VI. Management: Hemorrhoidectomy

  1. Repeat perianal Skin Preparation with Betadine
  2. Confirm adequate Anesthesia
  3. Make radial incision over Thrombosed Hemorrhoid
    1. Extends from anal skin to distal edge of thrombosis
    2. Avoid circumferential incision (use radial only)
    3. Create eliptical incision (not linear)
    4. Consider using straight clamp placed below clot
    5. Use 15 blade or iris scissors to make incision
    6. Do not cut into underlying Muscle sphincter
    7. Avoid excessive cautery use (risk of scarring)
  4. Remove clot from incision
    1. Gently express thrombus from Hemorrhoid
    2. Examine wound for residual clots and remove with forceps
  5. Optional: Close skin with subcutaneous Suture (not routinely performed)
    1. Leave the excised Hemorrhoid open (not Sutured) in most cases
    2. May consider if increased bleeding risk
    3. Skin closure reduces bleeding without infection risk
    4. Place several interrupted buried Sutures (4-0 Vicryl)
    5. Sutures should not protrude through skin
  6. Bandage
    1. Apply topical antibiotic (e.g. Bacitracin)
    2. Apply 4x4 gauze

VII. Management: Post-Procedure Instructions

  1. Follow-up at 4-6 weeks
  2. Maintain soft stools (e.g. Colace, maximize hydration)
  3. See Hemorrhoid Management for general measures (e.g.

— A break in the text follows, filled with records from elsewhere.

(* Let $n=4$ and let $T$ be a tree metric on the taxa $\{i,j,k,l\}=\{1,2,3,4\}$ realized by the quartet tree $(ij|kl)$: the leaves $i,j$ are attached to one endpoint of an internal edge of weight $g>0$, the leaves $k,l$ to its other endpoint, and the pendant edges to the leaves $i,j,k,l$ have positive weights $e_i,e_j,e_k,e_l$. Then $T$ is a tropical mixture $D\oplus \bar D$ of two star tree metrics $D,\bar D$ if and only if $e_i,e_j>g$ or $e_k,e_l>g$. Moreover, consider the fiber over $T$, i.e. the set of ordered pairs $(D,\bar D)$ of star tree metrics with $D\oplus\bar D=T$, each pair recorded by its $8$ edge weights in $\mathbb{R}_+^8$. If exactly one of the two pairs of inequalities holds, the fiber consists of four pairwise disjoint $2$-dimensional families of pairs $(D,\bar D)$, each corresponding to a $2$-dimensional polygon in $\mathbb{R}_+^8$, together with their orbits under the action of $\mathfrak{S}_2$ swapping $D$ and $\bar D$; all these orbits have size $2$. If both pairs of inequalities hold, the two collections of families are disjoint and the fiber consists of eight families of $2$-dimensional polygons together with their orbits; moreover there is a one-to-one correspondence between the two sets of four families, after suitably relabeling the leaves of the resulting trees.
   Context: A dissimilarity map on $n$ taxa is a symmetric matrix $D\in\mathbb{R}_{\ge 0}^{n\times n}$ with zero diagonal. A weighted tree on $n$ taxa is a tree with leaves labeled $1,\dots,n$ and nonnegative edge weights; its tree metric is $d(i,j)=$ sum of the weights along the unique path from $i$ to $j$. A star tree metric is the tree metric of a star tree (a single internal vertex adjacent to all $n$ leaves) all of whose $n$ edges have strictly positive weights; thus $D_{pq}=w_p+w_q$ for $p\neq q$ with all $w_p>0$. The tropical mixture of two dissimilarity maps is the entrywise maximum: $(D\oplus\bar D)_{pq}=\max\{D_{pq},\bar D_{pq}\}$. *)

From HB Require Import structures.
From mathcomp Require Import all_boot all_order all_algebra all_fingroup.
From mathcomp Require Import reals.
Set Implicit Arguments. Unset Strict Implicit. Unset Printing Implicit Defensive.
Import Order.TTheory GRing.Theory Num.Theory.
Local Open Scope ring_scope.

(* Taxa are the four leaves 'I_4 = {0,1,2,3} (standing for {1,2,3,4}). *)

Definition dmap (R : realType) := 'I_4 -> 'I_4 -> R.

Definition star_metric (R : realType) (w : {ffun 'I_4 -> R}) : dmap R :=
  fun p q => if p == q then 0 else w p + w q.

Definition is_star_metric (R : realType) (D : dmap R) : Prop :=
  exists w : {ffun 'I_4 -> R}, (forall p, 0 < w p) /\
    forall p q, D p q = star_metric w p q.

Definition tmix (R : realType) (D Db : dmap R) : dmap R :=
  fun p q => Num.max (D p q) (Db p q).

Definition is_mixture_of_two_stars (R : realType) (T : dmap R) : Prop :=
  exists D Db : dmap R, is_star_metric D /\ is_star_metric Db /\
    forall p q, T p q = tmix D Db p q.

(** Tree metric of the quartet tree (ij|kl): leaves i,j hang off one end of
    an internal edge of weight g, leaves k,l off the other end; the pendant
    edge to leaf p has weight e p.  Path length between p <> q is
    e p + e q, plus g iff p and q lie on different sides of the split
    {i,j} | {k,l}. *)
Definition quartet_metric (R : realType) (i j : 'I_4) (e : {ffun 'I_4 -> R})
    (g : R) : dmap R :=
  fun p q => if p == q then 0 else
    e p + e q + (if ((p == i) || (p == j)) == ((q == i) || (q == j))
                 then 0 else g).

(** A point of R^8: the 8 edge weights of a pair (D, Db) of star trees. *)
Definition pt (R : realType) := ({ffun 'I_4 -> R} * {ffun 'I_4 -> R})%type.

Sitz bath)

VIII. Complications

  1. Late heavy bleeding (when patient is at home)
    1. Higher risk if Epinephrine used in Local Anesthetic
    2. Educate patient to apply direct pressure with gauze
    3. If patient returns for additional Hemostasis needed
      1. Inject Lidocaine with Epinephrine
      2. Silver Nitrate or hand held cautery for isolated source
      3. Surgicel
  2. Peri-anal Scarring
    1. Associated with excessive cautery use
  3. Anal stenosis (rare)
    1. Associated with circumferential incision
  4. Excision of other lesion (misdiagnosed as a Thrombosed Hemorrhoid)
    1. Internal Hemorrhoid
    2. Non-Thrombosed Hemorrhoid
    3. Skin Tag

IX. References

  1. Warrington (2018) Crit Dec Emerg Med 32(10):14
  2. Zainea in Pfenninger (1994) Procedures, p. 950-3
  3. Hussain (1999) Prim Care 26(1):35-51 [PubMed]
  4. Zuber (2002) Am Fam Physician 65(8):1629-42 [PubMed]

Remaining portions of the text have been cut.